The Vietnamese New Year is call “Năm Mới” just like the Chinese Sin Nian. However, its popular name is Tet, a phonetic deformation of the Sino – Vietnamese “tiết” which designates the joints of bamboo stem and also a meteorological period of the year. The passage from one period to the next may cause meteorological disturbances (heat, rain, mist, etc.) to be exorcised by means of ritual sacrifices and festivities. Thus, there are several Tet in the year (Tet of Cold Food, Mid-Autumn Tet…). The one that takes pride of place is the Tết Cả, which marks the New Year.
I have never seen in the world a festival as popular as the Vietnamese Tet and with a more humanistic character. For a nation of farmers attached to its rice fields for centuries, it expresses the communion of man and nature. It seals the union of the living and the dead (invitation to ancestors to return to the family for some time; visit to family graves); it gathers together members of the extended family (those who live in distant places do all they can to come back); it makes for reconciliations (e.g. between estranged mother-in-law and daughter-in-law), détente (e.g. fence mending by neighbours on bad terms with each other, etc.).
The whole village shares in the joy of the Spring festivals some of which may be celebrated as late as the third moon. Children are careful to behave themselves. Alms are not refused to beggars and everything is aimed at a renewal of the spirit. Each act done during Tet has consequences for the following 12 moons, hence a whole series if ‘opening’ ceremonies (a farmer turning the first furrow in his field; the scholar writing his first ideogram; the mandarin official stamping his first seal, etc.). The spring that comes brings with it a message of optimism, love, hope and confidence in man and life.
The Vietnamese have adopted many customs of the Confucian Chinese New Year but they have indigenised their form and content and added new practices of their own, drawing from the pre-Chinese folkloric treasury of their Viet cultural patrimony. Let me give a few examples: Tet folk prints, the cakes called bánh chưng, and betel.
New Year folk prints, printed from wood blocks, represent in both countries wishes for happiness and prosperity as pictured in the minds of farmers (plump children, longevity, flowers and fruit, etc.). But in Vietnam, they depict topics which are not at all Confucian: erotic scenes such as ‘Jealousy’ and ‘Coconut picking’, or patriotic scenes featuring heroes of the past struggle against Chinese invaders, etc. The most popular food eaten at Tet is undoubtedly the bánh chưng, a square cake (the shape of the Earth in popular imagination) made of steamed glutinous rice stuffed with fat pork, beans and shallots.
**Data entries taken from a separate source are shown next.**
(* For every $N\ge 2$ and every $x\in\{0,\dots,N-2\}$, $$|2p(x)-1|\le 3\,\frac{N-x-1}{(N-x)!}\le\frac{3}{(N-x-1)!}.$$ In particular, if $N\ge 4$, then $\frac14\le p(x)\le\frac34$ for all $x\in\{0,\dots,N-4\}$.
   Context: For $\sigma\in\mathcal{S}_N$, $\eta_1(\sigma)$ is the number of fixed points and $\eta_2(\sigma)$ the number of 2-cycles of $\sigma$; $\nu$ is the uniform measure on $\mathcal{S}_N$, and for $x\in\{0,\dots,N\}\setminus\{N-1\}$, $p(x)=\mathbb{E}_\nu[\eta_2\mid\eta_1=x]$. *)

From mathcomp Require Import all_boot all_order all_algebra all_fingroup.
Set Implicit Arguments. Unset Strict Implicit. Unset Printing Implicit Defensive.
Import Order.TTheory GRing.Theory Num.Theory.

Definition eta1 (N : nat) (s : 'S_N) : nat := #|[set i | s i == i]|.

Definition eta2 (N : nat) (s : 'S_N) : nat :=
  #|[set C in porbits s | #|C| == 2]|.

(* p N x = E_nu[eta2 | eta1 = x] under the uniform measure nu on S_N:
   the average of eta2 over the permutations with exactly x fixed points. *)
Definition p {R : realFieldType} (N x : nat) : R :=
  ((\sum_(s : 'S_N | eta1 s == x) (eta2 s)%:R) /
   (#|[set s : 'S_N | eta1 s == x]|)%:R)%R.

(* Put m = N - x, the number of points moved by a permutation with x fixed
   points, and let D m be the number of derangements of m points.  Grouping
   the permutations of S_N by their support S (the set of moved points):
   - exactly D |S| permutations have support S ([nsupp_derange]); the proof
     classifies them by the image b of a point a of S, which gives the
     recurrence D (m+2) = (m+1) (D (m+1) + D m) through composition with the
     transposition (a b) ([count_swap], [count_noswap]);
   - twice the number of 2-cycles counts the ordered pairs of points swapped
     by the permutation, and each such pair of S is swapped by D (|S| - 2)
     permutations of support S ([sum_eta2_supp]).
   Hence p N x = m (m-1) D (m-2) / (2 D m).  The classical identity
   m (m-1) D (m-2) = D m + (-1)^m (m-1) ([derange_pairs]) gives the exact
   value |2 p - 1| = (m-1) / D m ([p_deviation]), and the bound
   m! <= 3 D m for m >= 2 ([derange_fact]) turns it into both estimates of
   the theorem. *)

From mathcomp Require Import all_boot all_order all_algebra all_fingroup.
From mathcomp Require Import zify ring lra.
Set Implicit Arguments. Unset Strict Implicit. Unset Printing Implicit Defensive.
Import Order.TTheory GRing.Theory Num.Theory.

(* [derange n] is defined by the derangement recurrence; [nsupp_derange]
   shows that it counts the permutations of n points without fixed point. *)
Fixpoint derange (n : nat) : nat :=
  match n with
  | 0 => 1
  | 1 => 0
  | S (S k as k1) => k1 * (derange k1 + derange k)
  end.

Section DerangementArithmetic.
Local Open Scope ring_scope.

Lemma derange_sign (R : comNzRingType) (n : nat) :
  (derange n.+1)%:R = n.+1%:R * (derange n)%:R + (-1) ^+ n.+1 :> R.
Proof.
elim: n => [|n IH]; first by rewrite /= expr1 mul1r addrN.
rewrite [derange n.+2]/= natrM natrD IH !exprS !mulrSr.
move: ((-1) ^+ n) (derange n)%:R (n%:R) => e d m; ring.
Qed.

Lemma derange_pairs (R : comNzRingType) (n : nat) :
  (n.+2 * n.+1 * derange n)%:R = (derange n.+2)%:R + (-1) ^+ n.+2 * n.+1%:R :> R.
Proof.
rewrite !derange_sign !exprS !natrM !mulrSr.
move: ((-1) ^+ n) (derange n)%:R (n%:R) => e d m; ring.
Qed.

Lemma derange_fact (n : nat) : (n.+2`! <= 3 * derange n.+2)%N.
Proof.
suff : (n.+2`! <= 3 * derange n.+2)%N /\ (n.+3`! <= 3 * derange n.+3)%N by case.
elim: n => [|n [IH1 IH2]] //; split => //.
rewrite [derange n.+4]/= -/(derange n.+3) -/(derange n.+2).
rewrite !factS in IH1 IH2 *; nia.
Qed.

(* In particular D m > 0 for m >= 2, so the conditioning event is nonempty. *)
Lemma derange_gt0 (n : nat) : (0 < derange n.+2)%N.
Proof. by have := derange_fact n; have := fact_gt0 n.+2; lia. Qed.

End DerangementArithmetic.

Lemma setU2_eq (T : finType) (A S : {set T}) (a b : T) :
  a \in S -> b \in S -> a \notin A -> b \notin A ->
  (a |: (b |: A) == S) = (A == S :\ a :\ b).
Proof.
move=> aS bS aA bA; apply/eqP/eqP => [<-|->]; apply/setP => i; rewrite !inE.
  case: (eqVneq i a) => [->|ia]; last case: (eqVneq i b) => [->|ib];
  by rewrite ?(negPf aA) ?(negPf bA) ?andbF.
by case: (eqVneq i a) => [->|ia]; last case: (eqVneq i b) => [->|ib]; rewrite ?aS ?bS.
Qed.

Lemma setU1_eq (T : finType) (A S : {set T}) (a : T) :
  a \in S -> a \notin A -> (a |: A == S) = (A == S :\ a).
Proof.
move=> aS aA; apply/eqP/eqP => [<-|->]; apply/setP => i; rewrite !inE.
  by case: (eqVneq i a) => [->|ia]; rewrite ?(negPf aA).
by case: (eqVneq i a) => [->|ia]; rewrite ?aS.
Qed.

Lemma tpermL_img (T : finType) (s : {perm T}) (a b : T) :
  (tperm a b (s a) == b) = (s a == a).
Proof. by rewrite -{2}(tpermL a b) (inj_eq perm_inj). Qed.

Lemma tpermR_img (T : finType) (s : {perm T}) (a b : T) :
  (tperm a b (s b) == a) = (s b == b).
Proof. by rewrite -{2}(tpermR a b) (inj_eq perm_inj). Qed.

Lemma card_setD1 (T : finType) (A : {set T}) (x : T) : x \in A -> #|A :\ x| = #|A|.-1.
Proof. by move=> xA; rewrite (cardsD1 x A) xA. Qed.

Section Supports.
Variable N : nat.
Implicit Types (s : 'S_N) (S : {set 'I_N}).

Definition supp s : {set 'I_N} := [set i | s i != i].

Lemma eta1_supp s : (eta1 s + #|supp s|)%N = N.
Proof.
rewrite /eta1 (_ : supp s = ~: [set i | s i == i]); first by rewrite cardsC card_ord.
by apply/setP => i; rewrite !inE.
Qed.

Lemma supp_img s a : a \in supp s -> s a \in supp s :\ a.
Proof. by rewrite !inE => h; rewrite h (inj_eq perm_inj). Qed.

Lemma supp_eq0 s : (supp s == set0) = (s == 1%g).
Proof.
apply/eqP/eqP => [h|->]; last by apply/setP => i; rewrite !inE perm1 eqxx.
apply/permP => i; rewrite perm1; apply/eqP.
by have := in_set0 i; rewrite -h inE => /negbFE.
Qed.

Lemma supp_notin s S x : s x != x -> x \notin S -> (supp s == S) = false.
Proof. by move=> sx xS; apply/negP => /eqP e; move: xS; rewrite -e inE sx. Qed.

Lemma supp_mul_tperm_fixed s a b : a != b -> s a = a -> s b = b ->
  supp (s * tperm a b) = a |: (b |: supp s).
Proof.
move=> ab sa sb; apply/setP => i; rewrite !inE permM.
case: (eqVneq i a) => [->|ia]; first by rewrite sa tpermL eq_sym ab.
case: (eqVneq i b) => [->|ib]; first by rewrite sb tpermR ab.
rewrite tpermD //.
- by rewrite -{1}sa (inj_eq perm_inj) eq_sym.
- by rewrite -{1}sb (inj_eq perm_inj) eq_sym.
Qed.

Lemma supp_mul_tperm_moved s a b : a != b -> s a = a -> s b != b ->
  supp (s * tperm a b) = a |: supp s.
Proof.
move=> ab sa sb; apply/setP => i; rewrite !inE permM.
case: (eqVneq i a) => [->|ia]; first by rewrite sa tpermL eq_sym ab.
case: (eqVneq (s i) b) => [e|ib].
  rewrite e tpermR eq_sym ia; apply/esym/negP => /eqP ebi.
  by move: sb; rewrite {1}ebi e eqxx.
by rewrite tpermD 1?(eq_sym b) // -{1}sa (inj_eq perm_inj) eq_sym.
Qed.

Definition nsupp S : nat := \sum_(s : 'S_N | supp s == S) 1.

(* Permutations of support [S] exchanging [a] and [b] are those of support
   [S :\ a :\ b] followed by [tperm a b]. *)
Lemma count_swap S a b : a != b -> a \in S -> b \in S ->
  \sum_(s : 'S_N | [&& supp s == S, s a == b & s b == a]) 1 = nsupp (S :\ a :\ b).
Proof.
move=> ab aS bS; rewrite (reindex_inj (mulIg (tperm a b))) /nsupp.
apply: eq_bigl => s /=; rewrite !permM tpermL_img tpermR_img.
case: (eqVneq (s a) a) => sa; case: (eqVneq (s b) b) => sb /=.
- by rewrite andbT supp_mul_tperm_fixed // setU2_eq // !inE ?sa ?sb eqxx.
- by rewrite andbF (@supp_notin _ _ b) // !inE eqxx ?andbF.
- by rewrite andbF (@supp_notin _ _ a) // !inE eqxx ?andbF.
- by rewrite andbF (@supp_notin _ _ a) // !inE eqxx ?andbF.
Qed.

(* Permutations of support [S] sending [a] to [b] but not [b] to [a] are those
   of support [S :\ a] followed by [tperm a b]. *)
Lemma count_noswap S a b : a != b -> a \in S -> b \in S ->
  \sum_(s : 'S_N | [&& supp s == S, s a == b & s b != a]) 1 = nsupp (S :\ a).
Proof.
move=> ab aS bS; rewrite (reindex_inj (mulIg (tperm a b))) /nsupp.
apply: eq_bigl => s /=; rewrite !permM tpermL_img tpermR_img.
case: (eqVneq (s a) a) => sa; case: (eqVneq (s b) b) => sb /=.
- rewrite andbF; apply/esym/negP => /eqP e.
  have : b \in S :\ a by rewrite !inE eq_sym ab bS.
  by rewrite -e inE sb eqxx.
- by rewrite andbT supp_mul_tperm_moved // setU1_eq // !inE ?sa eqxx.
- by rewrite andbF (@supp_notin _ _ a) // !inE eqxx ?andbF.
- by rewrite andbF (@supp_notin _ _ a) // !inE eqxx ?andbF.
Qed.

(* Classifying by the image [b] of a point [a] of [S] gives the derangement
   recurrence. *)
Lemma nsupp_rec S a : a \in S ->
  nsupp S = \sum_(b in S :\ a) (nsupp (S :\ a) + nsupp (S :\ a :\ b)).
Proof.
move=> aS; rewrite {1}/nsupp (partition_big (fun s => s a) (mem (S :\ a))).
  apply: eq_bigr => b; rewrite !inE => /andP[ba bS].
  have ab : a != b by rewrite eq_sym.
  rewrite (bigID (fun s => s b == a)) /= addnC.
  rewrite -(count_swap ab aS bS) -(count_noswap ab aS bS).
  by congr (_ + _); apply: eq_bigl => s; rewrite andbA.
by move=> s /eqP e; rewrite -e; apply: supp_img; rewrite e.
Qed.

Lemma nsupp_derange S : nsupp S = derange #|S|.
Proof.
move: {2}#|S| (leqnn #|S|) => k; elim: k S => [|k IH] S.
  rewrite leqn0 cards_eq0 => /eqP ->.
  by rewrite cards0 /nsupp (eq_bigl _ _ supp_eq0) big_pred1_eq.
case: (leqP #|S| k) => [/IH//|ltkS leSk].
have /set0Pn[a aS] : S != set0 by rewrite -card_gt0; lia.
have cSa : #|S :\ a| = k by rewrite card_setD1 //; lia.
rewrite (nsupp_rec aS) (eq_bigr (fun=> derange k + derange k.-1)%N).
  by rewrite sum_nat_const cSa (_ : #|S| = k.+1); [case: k {IH ltkS leSk cSa} | lia].
move=> b bSa; have cSab : #|S :\ a :\ b| = k.-1 by rewrite card_setD1 ?cSa.
by rewrite !IH ?cSab ?cSa ?leq_pred.
Qed.

End Supports.

Section TwoCycles.
Variable N : nat.
Implicit Types (s : 'S_N) (S : {set 'I_N}).

Lemma porbit_card2 s a : (#|porbit s a| == 2) = (s a != a) && (s (s a) == a).
Proof.
apply/eqP/andP => [h|[h1 /eqP h2]].
  have U := uniq_traject_porbit s a; rewrite h /= in U.
  have I := iter_porbit s a; rewrite h /= in I.
  split; last by rewrite I.
  by move: U; rewrite inE andbT eq_sym.
have -> : porbit s a = [set a; s a].
  apply/setP => y; apply/porbitP/idP.
    case=> i ->; rewrite permX; elim: i => [|i IHi] /=; first by rewrite !inE eqxx.
    by move: IHi; rewrite !inE => /orP[] /eqP ->; rewrite ?h2 eqxx ?orbT.
  rewrite !inE => /orP[/eqP->|/eqP->]; first by exists 0; rewrite expg0 perm1.
  by exists 1; rewrite expg1.
by rewrite cards2 eq_sym h1.
Qed.

Lemma eta2_double s : (2 * eta2 s)%N = #|[set a | #|porbit s a| == 2]|.
Proof.
rewrite -sum1_card (partition_big (porbit s) (mem [set C in porbits s | #|C| == 2])) /=;
  last by move=> y; rewrite !inE => ->; rewrite andbT imset_f.
rewrite (eq_bigr (fun=> 2%N)) => [|C]; first by rewrite sum_nat_const mulnC.
rewrite inE => /andP[/imsetP[c _ ->] /eqP c2].
rewrite -[RHS]c2 -sum1_card; apply: eq_bigl => y.
rewrite inE eq_porbit_mem; case yc: (y \in porbit s c); rewrite /= ?andbF //.
by move: yc; rewrite -eq_porbit_mem => /eqP ->; rewrite c2.
Qed.

Lemma eta2_pairs s : (2 * eta2 s)%N =
  \sum_(a in supp s) \sum_(b in supp s :\ a) ((s a == b) && (s b == a) : nat).
Proof.
rewrite eta2_double -sum1_card big_mkcond [RHS]big_mkcond /=.
apply: eq_bigr => a _; rewrite !inE porbit_card2.
case: (boolP (s a != a)) => [sa|_] /=; last by [].
rewrite (bigD1 (s a)) ?supp_img ?inE //= eqxx big1 ?addn0 // => b /andP[_ bsa].
by rewrite eq_sym (negPf bsa).
Qed.

(* Summed over the permutations of support [S], each ordered pair of distinct
   points of [S] is exchanged by [derange (#|S| - 2)] of them. *)
Lemma sum_eta2_supp S : \sum_(s : 'S_N | supp s == S) 2 * eta2 s =
  (#|S| * (#|S| - 1) * derange (#|S| - 2))%N.
Proof.
under eq_bigr => s /eqP sS do rewrite eta2_pairs sS.
rewrite exchange_big /= -mulnA -sum_nat_const; apply: eq_bigr => a aS.
have cSa : #|S :\ a| = (#|S| - 1)%N by rewrite card_setD1 ?subn1.
rewrite exchange_big /= -cSa -sum_nat_const; apply: eq_bigr => b bSa.
have cSab : #|S :\ a :\ b| = (#|S| - 2)%N by rewrite card_setD1 // cSa subn1 subn2.
have [ab bS] : a != b /\ b \in S by move: bSa; rewrite !inE eq_sym => /andP.
rewrite -cSab -nsupp_derange -(count_swap ab aS bS) big_mkcond [RHS]big_mkcond /=.
by apply: eq_bigr => s _; case: (supp s == S).
Qed.

Lemma sum_by_supp m (F : 'S_N -> nat) :
  \sum_(s : 'S_N | #|supp s| == m) F s =
  \sum_(S in [set S : {set 'I_N} | #|S| == m]) \sum_(s : 'S_N | supp s == S) F s.
Proof.
rewrite (partition_big (@supp N) (fun S => S \in [set S : {set 'I_N} | #|S| == m])) => [|s];
  last by rewrite inE.
apply: eq_bigr => S; rewrite inE => /eqP <-; apply: eq_bigl => s.
by case: (eqVneq (supp s) S) => [->|]; rewrite ?eqxx ?andbF.
Qed.

Lemma eta1_eq s x : (x <= N)%N -> (eta1 s == x) = (#|supp s| == N - x)%N.
Proof. by have := eta1_supp s => h xN; apply/eqP/eqP; lia. Qed.

Lemma card_eta1 x : (x <= N)%N ->
  #|[set s : 'S_N | eta1 s == x]| = ('C(N, N - x) * derange (N - x))%N.
Proof.
move=> xN; rewrite -sum1_card (eq_bigl (fun s => #|supp s| == N - x)%N) => [|s]; last first.
  by rewrite inE eta1_eq.
rewrite sum_by_supp (eq_bigr (fun=> derange (N - x))) => [|S]; last first.
  by rewrite inE => /eqP <-; apply: nsupp_derange.
by rewrite sum_nat_const card_draws card_ord mulnC.
Qed.

Lemma sum_eta2_eta1 x : (x <= N)%N ->
  (2 * \sum_(s : 'S_N | eta1 s == x) eta2 s)%N =
  ('C(N, N - x) * ((N - x) * (N - x - 1) * derange (N - x - 2)))%N.
Proof.
move=> xN; rewrite big_distrr /= (eq_bigl _ _ (fun s => eta1_eq s xN)) sum_by_supp.
rewrite (eq_bigr (fun=> (N - x) * (N - x - 1) * derange (N - x - 2)))%N.
  by rewrite sum_nat_const card_draws card_ord mulnC.
by move=> S; rewrite inE => /eqP <-; rewrite sum_eta2_supp.
Qed.

End TwoCycles.

Local Open Scope ring_scope.

Lemma ler_natdiv (R : numFieldType) (a b c d : nat) : (0 < b)%N -> (0 < d)%N ->
  (a * d <= c * b)%N -> a%:R / b%:R <= c%:R / d%:R :> R.
Proof.
move=> b0 d0 h; rewrite ler_pdivrMr ?ltr0n // mulrAC ler_pdivlMr ?ltr0n //.
by rewrite -!natrM ler_nat.
Qed.

Lemma p_deviation (R : realFieldType) (N x : nat) : (2 <= N)%N -> (x <= N - 2)%N ->
  `|2 * (p N x : R) - 1| = (N - x - 1)%:R / (derange (N - x))%:R.
Proof.
move=> N2 xN2; have xN : (x <= N)%N by lia.
have [n mE] : exists n, (N - x = n.+2)%N by exists (N - x - 2)%N; lia.
have := card_eta1 xN; have := sum_eta2_eta1 xN.
rewrite /p -natr_sum mE subn1 subn2 /=.
set B := (\sum_(s | _) _)%N; set A := #|_|; set c := 'C(N, n.+2) => hB hA.
have c0 : (c%:R : R) != 0 by rewrite pnatr_eq0 -lt0n bin_gt0 -mE leq_subr.
have d0 : ((derange n.+2)%:R : R) != 0 by rewrite pnatr_eq0 -lt0n derange_gt0.
have eA : (A%:R : R) = c%:R * (derange n.+2)%:R by rewrite hA natrM.
have eB : 2 * (B%:R : R) = c%:R * ((derange n.+2)%:R + (-1) ^+ n.+2 * n.+1%:R).
  by rewrite -derange_pairs -natrM hB natrM.
have -> : 2 * (B%:R / A%:R) - 1 = (-1) ^+ n.+2 * (n.+1%:R / (derange n.+2)%:R) :> R.
  rewrite mulrA eB eA.
  by move: ((-1) ^+ n.+2) => e; field; rewrite d0 c0.
by rewrite normrM normr_sign mul1r ger0_norm // divr_ge0.
Qed.

Theorem lemmaB1 (R : realFieldType) :
  (forall N x : nat, (2 <= N)%N -> (x <= N - 2)%N ->
     `|2 * (p N x : R) - 1| <= 3 * (N - x - 1)%:R / ((N - x)`!)%:R /\
     3 * (N - x - 1)%:R / ((N - x)`!)%:R <= 3 / ((N - x - 1)`!)%:R :> R) /\
  (forall N x : nat, (4 <= N)%N -> (x <= N - 4)%N ->
     1 / 4 <= (p N x : R) <= 3 / 4).
Proof.
split=> N x N2 xN.
  have [n mE] : exists n, (N - x = n.+2)%N by exists (N - x - 2)%N; lia.
  rewrite p_deviation // mE subSS subn0 -!natrM.
  split; apply: ler_natdiv; rewrite ?fact_gt0 ?derange_gt0 //.
    by have := derange_fact n; nia.
  by rewrite [n.+2`!]factS; nia.
have [k mE] : exists k, (N - x = k.+4)%N by exists (N - x - 4)%N; lia.
have : `|2 * (p N x : R) - 1| <= 1%:R / 2%:R.
  rewrite p_deviation 1?mE ?subSS ?subn0; try lia.
  apply: ler_natdiv; rewrite ?derange_gt0 //.
  by have := derange_fact k.+2; rewrite 3!factS; have := fact_gt0 k.+1; nia.
by rewrite ler_norml => /andP[lo hi]; apply/andP; split; lra.
Qed.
Its origin is linked to a legend dating back to the first millennium before Christ, the time of the Hung Kings, who were the founders of the first Vietnamese state.
Dating back to the same period is the legend of the betel, the chewing of which has become less and less popular. But its symbolic significance remains: betel is a religious offering made to ancestors at Tet, a family festival.